• **Stored data entries**:

▼

(* Let $X\subseteq \mathbb{P}^1\times\mathbb{P}^1\times\mathbb{P}^1$ be a variety of lines such that, for each $h=1,2,3$, $U_h(X)$ resembles a Ferrers diagram. Then $X$ has the $Hyp_6(\star)$-property if and only if for all $a_1,a_2\in[d_1]$, $b_1,b_2\in[d_2]$, $c_1,c_2\in[d_3]$, $$\text{either }\left(\begin{array}{cc}\mu_{a_1b_1c_1} & \mu_{a_1b_2c_1}\\ \mu_{a_2b_1c_1} & \mu_{a_2b_2c_1}\end{array}\right)\neq\left(\begin{array}{cc}3&2\\2&2\end{array}\right)\ \text{or}\ \left(\begin{array}{cc}\mu_{a_1b_1c_2} & \mu_{a_1b_2c_2}\\ \mu_{a_2b_1c_2} & \mu_{a_2b_2c_2}\end{array}\right)\neq\left(\begin{array}{cc}2&2\\2&3\end{array}\right).$$
   Context: $R=K[x_{1,0},x_{1,1},x_{2,0},x_{2,1},x_{3,0},x_{3,1}]$ ($K$ algebraically closed, characteristic zero) trigraded by $\deg x_{i,j}=\mathbf e_i$, coordinate ring of $\mathbb{P}^1\times\mathbb{P}^1\times\mathbb{P}^1$. A variety of lines is written $X= \bigcup_{(i,j)\in U_3(X)} \mathcal{L}(A_i,B_j)\cup\bigcup_{(i,k)\in U_2(X)} \mathcal{L}(A_i,C_k)\cup \bigcup_{(j,k)\in U_1(X)} \mathcal{L}(B_j,C_k)$, where $\mathcal L(A_1),\ldots,\mathcal L(A_{d_1})$, $\mathcal L(B_1),\ldots,\mathcal L(B_{d_2})$, $\mathcal L(C_1),\ldots,\mathcal L(C_{d_3})$ are the distinct hyperplanes containing some line of $X$, defined by linear forms of degrees $(1,0,0),(0,1,0),(0,0,1)$ respectively, $\mathcal L(F,G)$ is the line defined by $(F,G)$, $U_3(X)\subseteq[d_1]\times[d_2]$, $U_2(X)\subseteq[d_1]\times[d_3]$, $U_1(X)\subseteq[d_2]\times[d_3]$, $[n]=\{1,\dots,n\}$. $U_h(X)$ resembles a Ferrers diagram if after permuting each of its two index sets it becomes a set $U$ with: $(u,v)\in U\Rightarrow (u',v')\in U$ for all $1\le u'\le u$, $1\le v'\le v$. For $P_{ijk}=\mathcal L(A_i)\cap\mathcal L(B_j)\cap\mathcal L(C_k)$, the multiplicity $\mu_{ijk}$ is the number of lines of $X$ passing through $P_{ijk}$ (equivalently the number of the lines $\mathcal L(A_i,B_j),\mathcal L(A_i,C_k),\mathcal L(B_j,C_k)$ that belong to $X$). $X$ has the $Hyp_6(\star)$-property if for any $6$ hyperplanes $H_1,\ldots,H_6$ (each defined by a linear form of degree some $\mathbf e_i$) such that $\mathcal{L}(H_i,H_j)$ is a line of $X$ for all $j\neq i-1,i,i+1$ (indices modulo $6$), there is $u$ with $\mathcal{L}(H_u,H_{u+1})$ a line of $X$. *)

From mathcomp Require Import all_boot all_order all_algebra.
From mathcomp Require Import perm.
Set Implicit Arguments. Unset Strict Implicit. Unset Printing Implicit Defensive.
Import GRing.Theory.
Local Open Scope ring_scope.

Section Lines.
Variable K : fieldType.

(* A point of P^1 x P^1 x P^1, given by homogeneous coordinates:
   p i = (x_{i,0}, x_{i,1}) for i in {0,1,2} (factors 1,2,3 of the paper),
   each coordinate pair nonzero. *)
Definition point := 'I_3 -> (K * K).
Definition valid_point (p : point) : Prop := forall i, p i != (0, 0).

(* A linear form of degree e_i : a x_{i,0} + b x_{i,1}. *)
Record linform := LinForm { lf_idx : 'I_3; lf_a : K; lf_b : K }.
Definition lf_nonzero (F : linform) : Prop := (lf_a F, lf_b F) != (0, 0).

Definition Lhyp (F : linform) (p : point) : Prop :=
  valid_point p /\ lf_a F * (p (lf_idx F)).1 + lf_b F * (p (lf_idx F)).2 = 0.

Definition L2 (F G : linform) (p : point) : Prop := Lhyp F p /\ Lhyp G p.

Definition same_set (S T : point -> Prop) : Prop := forall p, S p <-> T p.

Definition i1 : 'I_3 := @Ordinal 3 0 isT.
Definition i2 : 'I_3 := @Ordinal 3 1 isT.
Definition i3 : 'I_3 := @Ordinal 3 2 isT.

(* Data of a variety of lines X: the hyperplanes L(A_1..A_d1), L(B_1..B_d2),
   L(C_1..C_d3) (coefficient pairs of forms of degree e_1, e_2, e_3),
   and the index sets U_3(X), U_2(X), U_1(X). *)
Record lines_data := LinesData {
  d1 : nat; d2 : nat; d3 : nat;
  Acoef : 'I_d1 -> K * K; Bcoef : 'I_d2 -> K * K; Ccoef : 'I_d3 -> K * K;
  U3 : {set 'I_d1 * 'I_d2};
  U2 : {set 'I_d1 * 'I_d3};
  U1 : {set 'I_d2 * 'I_d3} }.

Variable X : lines_data.

Definition Aform (i : 'I_(d1 X)) := LinForm i1 (@Acoef X i).1 (@Acoef X i).2.
Definition Bform (j : 'I_(d2 X)) := LinForm i2 (@Bcoef X j).1 (@Bcoef X j).2.
Definition Cform (k : 'I_(d3 X)) := LinForm i3 (@Ccoef X k).1 (@Ccoef X k).2.

(* proportionality of coefficient pairs = same hyperplane *)
Definition proportional (u v : K * K) : bool := u.1 * v.2 == u.2 * v.1.

Definition wf_lines : Prop :=
  (forall i, lf_nonzero (Aform i)) /\ (forall j, lf_nonzero (Bform j)) /\
  (forall k, lf_nonzero (Cform k)) /\
  (forall i i', i != i' -> ~~ proportional (@Acoef X i) (@Acoef X i')) /\
  (forall j j', j != j' -> ~~ proportional (@Bcoef X j) (@Bcoef X j')) /\
  (forall k k', k != k' -> ~~ proportional (@Ccoef X k) (@Ccoef X k')) /\
  (forall i, (exists j, (i, j) \in U3 X) \/ (exists k, (i, k) \in U2 X)) /\
  (forall j, (exists i, (i, j) \in U3 X) \/ (exists k, (j, k) \in U1 X)) /\
  (forall k, (exists i, (i, k) \in U2 X) \/ (exists j, (j, k) \in U1 X)).

Definition is_line_of_X (F G : linform) : Prop :=
  (exists i j, (i, j) \in U3 X /\ same_set (L2 F G) (L2 (Aform i) (Bform j))) \/
  (exists i k, (i, k) \in U2 X /\ same_set (L2 F G) (L2 (Aform i) (Cform k))) \/
  (exists j k, (j, k) \in U1 X /\ same_set (L2 F G) (L2 (Bform j) (Cform k))).

(* Hyp_6(star): indices of 'I_6 are taken modulo 6. *)
Definition hyp6_star : Prop :=
  forall H : 'I_6 -> linform, (forall u, lf_nonzero (H u)) ->
    (forall i j : 'I_6, j != i -> (j : nat) != (i.+1 %% 6)%N ->
         (i : nat) != (j.+1 %% 6)%N -> is_line_of_X (H i) (H j)) ->
    exists u : 'I_6, is_line_of_X (H u) (H (ordS u)).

▲

• **Exercise**: Every line from the data above that contains "exists" must appear in the answer.

• **Reply to the task**:
  (forall i, (exists j, (i, j) \in U3 X) \/ (exists k, (i, k) \in U2 X)) /\
  (forall j, (exists i, (i, j) \in U3 X) \/ (exists k, (j, k) \in U1 X)) /\
  (forall k, (exists i, (i, k) \in U2 X) \/ (exists j, (j, k) \in U1 X)).
  (exists i j, (i, j) \in U3 X /\ same_set (L2 F G) (L2 (Aform i) (Bform j))) \/
  (exists i k, (i, k) \in U2 X /\ same_set (L2 F G) (L2 (Aform i) (Cform k))) \/
  (exists j k, (j, k) \in U1 X /\ same_set (L2 F G) (L2 (Bform j) (Cform k))).
    exists u : 'I_6, is_line_of_X (H u) (H (ordS u)).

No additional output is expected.